[Material provided — start]

(* Let $\mathbf{Q}=\langle Q;\oplus,-,{}^+,{}^-,0,1\rangle$ be a strong quasi-MV* algebra. For $x,y\in Q$ define $x\to y:=-x\oplus y$ and $\neg x:=-x$. Then $f(\mathbf{Q})=\langle Q;\to,\neg,{}^+,{}^-,1\rangle$ is a strong quasi-Wajsberg* algebra (with $x\vee y:=((x^{+}\to y^{+})^{+}\to(\neg x)^{-})\to((y^{-}\to x^{-})^{-}\to x^{-})$).
   Context: A quasi-MV* algebra is an algebra $\langle A;\oplus,-,{}^{+},{}^{-},0,1\rangle$ of type $\langle 2,1,1,1,0,0\rangle$ (${}^+,{}^-$ bind more tightly than $-$, which binds more tightly than $\oplus$; $-1$ denotes $-(1)$) such that for all $x,y,z$: (1) $x\oplus y=y\oplus x$; (2) $(1\oplus x)\oplus(y\oplus(1\oplus z))=((1\oplus x)\oplus y)\oplus(1\oplus z)$; (3) $(x\oplus 1)\oplus 1=1$; (4) $(x\oplus y)\oplus 0=x\oplus y$; (5) $x^{+}\oplus 0=(x\oplus 0)^{+}=1\oplus(-1\oplus x)$ and $x^{-}\oplus 0=(x\oplus 0)^{-}=-1\oplus(1\oplus x)$; (6) $x\oplus y=(x^{+}\oplus y^{+})\oplus(x^{-}\oplus y^{-})$; (7) $0=-0$; (8) $x\oplus(-x)=0$; (9) $-(x\oplus y)=(-x)\oplus(-y)$; (10) $-(-x)=x$; (11) $(-x\oplus(x\oplus y))^{+}=-x^{+}\oplus(x^{+}\oplus y^{+})$; (12) $x\vee y=y\vee x$; (13) $x\vee(y\vee z)=(x\vee y)\vee z$; (14) $x\oplus(y\vee z)=(x\oplus y)\vee(x\oplus z)$; where $x\vee y:=(x^{+}\oplus(-x^{+}\oplus y^{+})^{+})\oplus(x^{-}\oplus(-x^{-}\oplus y^{-})^{+})$. A strong quasi-MV* algebra is a quasi-MV* algebra satisfying $x^+=x^+\oplus 0$ and $x^-=x^-\oplus 0$. A quasi-Wajsberg* algebra is an algebra $\langle W;\to,\neg,{}^+,{}^-,1\rangle$ of type $\langle 2,1,1,1,0\rangle$ (${}^+,{}^-$ bind more tightly than $\neg$, which binds more tightly than $\to$) such that for all $x,y,z$: (1) $x\to y=\neg y\to\neg x$; (2) $(x\to 1)\to((y\to 1)\to z)=(y\to 1)\to((x\to 1)\to z)$; (3) $(1\to x)\to 1=1$; (4) $(z\to z)\to(x\to y)=x\to y$; (5) $(1\to 1)\to x^{+}=((1\to 1)\to x)^{+}=(x\to 1)\to 1$ and $(1\to 1)\to x^{-}=((1\to 1)\to x)^{-}=(x\to\neg 1)\to\neg 1$; (6) $x\to y=(y^{+}\to x^{-})\to(x^{+}\to y^{-})$; (7) $\neg(x\to y)=y\to x$; (8) $\neg\neg x=x$; (9) $(x\to(\neg x\to y))^{+}=x^{+}\to(\neg x^{+}\to y^{+})$; (10) $x\vee y=y\vee x$; (11) $x\vee(y\vee z)=(x\vee y)\vee z$; (12) $x\to(y\vee z)=(x\to y)\vee(x\to z)$; where $x\vee y:=((x^{+}\to y^{+})^{+}\to(\neg x)^{-})\to((y^{-}\to x^{-})^{-}\to x^{-})$. A strong quasi-Wajsberg* algebra is a quasi-Wajsberg* algebra satisfying $x^+=(1\to 1)\to x^+$ and $x^-=(1\to 1)\to x^-$ for all $x$. *)

Definition qmv_join {A : Type} (oplus : A -> A -> A) (opp pl mi : A -> A)
  (x y : A) : A :=
  oplus (oplus (pl x) (pl (oplus (opp (pl x)) (pl y))))
        (oplus (mi x) (pl (oplus (opp (mi x)) (mi y)))).

Record quasi_MVstar {A : Type} (oplus : A -> A -> A) (opp pl mi : A -> A)
    (zero one : A) : Prop := {
  qmv1 : forall x y, oplus x y = oplus y x;
  qmv2 : forall x y z, oplus (oplus one x) (oplus y (oplus one z))
                     = oplus (oplus (oplus one x) y) (oplus one z);
  qmv3 : forall x, oplus (oplus x one) one = one;
  qmv4 : forall x y, oplus (oplus x y) zero = oplus x y;
  qmv5a : forall x, oplus (pl x) zero = pl (oplus x zero);
  qmv5b : forall x, pl (oplus x zero) = oplus one (oplus (opp one) x);
  qmv5c : forall x, oplus (mi x) zero = mi (oplus x zero);
  qmv5d : forall x, mi (oplus x zero) = oplus (opp one) (oplus one x);
  qmv6 : forall x y, oplus x y = oplus (oplus (pl x) (pl y)) (oplus (mi x) (mi y));
  qmv7 : zero = opp zero;
  qmv8 : forall x, oplus x (opp x) = zero;
  qmv9 : forall x y, opp (oplus x y) = oplus (opp x) (opp y);
  qmv10 : forall x, opp (opp x) = x;
  qmv11 : forall x y, pl (oplus (opp x) (oplus x y))
                    = oplus (opp (pl x)) (oplus (pl x) (pl y));
  qmv12 : forall x y, qmv_join oplus opp pl mi x y = qmv_join oplus opp pl mi y x;
  qmv13 : forall x y z, qmv_join oplus opp pl mi x (qmv_join oplus opp pl mi y z)
                      = qmv_join oplus opp pl mi (qmv_join oplus opp pl mi x y) z;
  qmv14 : forall x y z, oplus x (qmv_join oplus opp pl mi y z)
                      = qmv_join oplus opp pl mi (oplus x y) (oplus x z)
}.

Definition strong_quasi_MVstar {A : Type} (oplus : A -> A -> A)
    (opp pl mi : A -> A) (zero one : A) : Prop :=
  quasi_MVstar oplus opp pl mi zero one /\
  (forall x, pl x = oplus (pl x) zero) /\
  (forall x, mi x = oplus (mi x) zero).

Definition qw_join {A : Type} (imp : A -> A -> A) (neg pl mi : A -> A)
  (x y : A) : A :=
  imp (imp (pl (imp (pl x) (pl y))) (mi (neg x)))
      (imp (mi (imp (mi y) (mi x))) (mi x)).

Record quasi_Wstar {A : Type} (imp : A -> A -> A) (neg pl mi : A -> A)
    (one : A) : Prop := {
  qw1 : forall x y, imp x y = imp (neg y) (neg x);
  qw2 : forall x y z, imp (imp x one) (imp (imp y one) z)
                    = imp (imp y one) (imp (imp x one) z);
  qw3 : forall x, imp (imp one x) one = one;
  qw4 : forall x y z, imp (imp z z) (imp x y) = imp x y;
  qw5a : forall x, imp (imp one one) (pl x) = pl (imp (imp one one) x);
  qw5b : forall x, pl (imp (imp one one) x) = imp (imp x one) one;
  qw5c : forall x, imp (imp one one) (mi x) = mi (imp (imp one one) x);
  qw5d : forall x, mi (imp (imp one one) x) = imp (imp x (neg one)) (neg one);
  qw6 : forall x y, imp x y = imp (imp (pl y) (mi x)) (imp (pl x) (mi y));
  qw7 : forall x y, neg (imp x y) = imp y x;
  qw8 : forall x, neg (neg x) = x;
  qw9 : forall x y, pl (imp x (imp (neg x) y))
                  = imp (pl x) (imp (neg (pl x)) (pl y));
  qw10 : forall x y, qw_join imp neg pl mi x y = qw_join imp neg pl mi y x;
  qw11 : forall x y z, qw_join imp neg pl mi x (qw_join imp neg pl mi y z)
                     = qw_join imp neg pl mi (qw_join imp neg pl mi x y) z;
  qw12 : forall x y z, imp x (qw_join imp neg pl mi y z)
                     = qw_join imp neg pl mi (imp x y) (imp x z)
}.

Definition strong_quasi_Wstar {A : Type} (imp : A -> A -> A)
    (neg pl mi : A -> A) (one : A) : Prop :=
  quasi_Wstar imp neg pl mi one /\
  (forall x, pl x = imp (imp one one) (pl x)) /\
  (forall x, mi x = imp (imp one one) (mi x)).

Definition qmv_imp {A : Type} (oplus : A -> A -> A) (opp : A -> A) (x y : A) : A :=
  oplus (opp x) y.


(* Under x -> y := -x (+) y every quasi-Wajsberg* axiom is an instance of the
   matching quasi-MV* axiom once - is pushed inwards with (9) and (10).  The
   two extra ingredients are z -> z = 0, from (7) and (8), and, in a strong
   algebra, (-x)^+ = -(x^-), which makes the two joins coincide literally. *)

Section StrongQuasiMVstar.

Context {A : Type} {oplus : A -> A -> A} {opp pl mi : A -> A} {zero one : A}.
Hypothesis HQ : quasi_MVstar oplus opp pl mi zero one.
Hypothesis pl_oplus0 : forall x, pl x = oplus (pl x) zero.
Hypothesis mi_oplus0 : forall x, mi x = oplus (mi x) zero.

Local Notation imp := (qmv_imp oplus opp).

Let addC : forall x y, oplus x y = oplus y x := qmv1 _ _ _ _ _ _ HQ.
Let oppD : forall x y, opp (oplus x y) = oplus (opp x) (opp y) :=
  qmv9 _ _ _ _ _ _ HQ.
Let oppK : forall x, opp (opp x) = x := qmv10 _ _ _ _ _ _ HQ.

Lemma opp_inj (x y : A) : opp x = opp y -> x = y.
Proof. intros Exy. rewrite <- (oppK x), Exy. apply oppK. Qed.

Lemma pl_opp (x : A) : pl (opp x) = opp (mi x).
Proof.
  case HQ; intros.
  rewrite pl_oplus0, qmv5a, qmv5b, mi_oplus0, qmv5c, qmv5d, !oppD, oppK.
  reflexivity.
Qed.

Lemma mi_opp (x : A) : mi (opp x) = opp (pl x).
Proof. rewrite <- (oppK (mi (opp x))), <- pl_opp, oppK. reflexivity. Qed.

Lemma imp_self_l (z y : A) : imp (imp z z) y = oplus y zero.
Proof.
  case HQ; intros. unfold qmv_imp.
  rewrite (addC (opp z)), qmv8, <- qmv7. apply addC.
Qed.

Lemma oplus_oneCA (a b w : A) :
  oplus (oplus one a) (oplus (oplus one b) w)
  = oplus (oplus one b) (oplus (oplus one a) w).
Proof. case HQ; intros. rewrite (addC (oplus one b) w), qmv2. apply addC. Qed.

Lemma imp_exchange (x y z : A) :
  imp (imp x one) (imp (imp y one) z) = imp (imp y one) (imp (imp x one) z).
Proof.
  apply opp_inj. unfold qmv_imp.
  rewrite !oppD, !oppK, (addC (opp x)), (addC (opp y)).
  apply oplus_oneCA.
Qed.

Lemma qw_join_qmv_imp (x y : A) :
  qw_join imp opp pl mi x y = qmv_join oplus opp pl mi x y.
Proof.
  unfold qw_join, qmv_join, qmv_imp.
  rewrite !oppD, !oppK, mi_opp, oppK, <- pl_opp, oppD, oppK.
  rewrite (addC (pl (oplus (opp (pl x)) (pl y))) (pl x)).
  rewrite (addC (pl _) (mi x)), (addC (mi y)). reflexivity.
Qed.

Lemma qmv_imp_quasi_Wstar : quasi_Wstar imp opp pl mi one.
Proof.
  case HQ; intros. constructor.
  - intros x y. unfold qmv_imp. rewrite oppK. apply addC.
  - exact imp_exchange.
  - intros x. unfold qmv_imp. rewrite oppD, oppK, (addC one (opp x)). apply qmv3.
  - intros x y z. rewrite imp_self_l. apply qmv4.
  - intros x. rewrite !imp_self_l. apply qmv5a.
  - intros x. rewrite imp_self_l. unfold qmv_imp.
    rewrite qmv5b, oppD, oppK, (addC x (opp one)). apply addC.
  - intros x. rewrite !imp_self_l. apply qmv5c.
  - intros x. rewrite imp_self_l. unfold qmv_imp.
    rewrite qmv5d, oppD, !oppK, (addC x one). apply addC.
  - intros x y. unfold qmv_imp.
    rewrite oppD, !oppK, (qmv6 (opp x) y), pl_opp, mi_opp, (addC (opp (mi x))).
    reflexivity.
  - intros x y. unfold qmv_imp. rewrite oppD, oppK. apply addC.
  - exact oppK.
  - intros x y. unfold qmv_imp. rewrite !oppK. apply qmv11.
  - intros x y. rewrite !qw_join_qmv_imp. apply qmv12.
  - intros x y z. rewrite !qw_join_qmv_imp. apply qmv13.
  - intros x y z. rewrite !qw_join_qmv_imp. apply qmv14.
Qed.

Lemma pl_imp_self_l (x : A) : pl x = imp (imp one one) (pl x).
Proof. rewrite imp_self_l. apply pl_oplus0. Qed.

Lemma mi_imp_self_l (x : A) : mi x = imp (imp one one) (mi x).
Proof. rewrite imp_self_l. apply mi_oplus0. Qed.

End StrongQuasiMVstar.

Theorem proposition3p4 (Q : Type) (oplus : Q -> Q -> Q) (opp pl mi : Q -> Q)
  (zero one : Q) :
  strong_quasi_MVstar oplus opp pl mi zero one ->
  strong_quasi_Wstar (qmv_imp oplus opp) opp pl mi one.
Proof.
  intros [HQ [Hpl Hmi]]. split; [| split].
  - exact (qmv_imp_quasi_Wstar HQ Hpl Hmi).
  - exact (pl_imp_self_l HQ Hpl).
  - exact (mi_imp_self_l HQ Hmi).
Qed.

[Material provided — finish]

**Exercise brief:** Search term "StrongQuasiMVstar": return each line of the data that contains it.

**Solution below:**
Section StrongQuasiMVstar.
End StrongQuasiMVstar.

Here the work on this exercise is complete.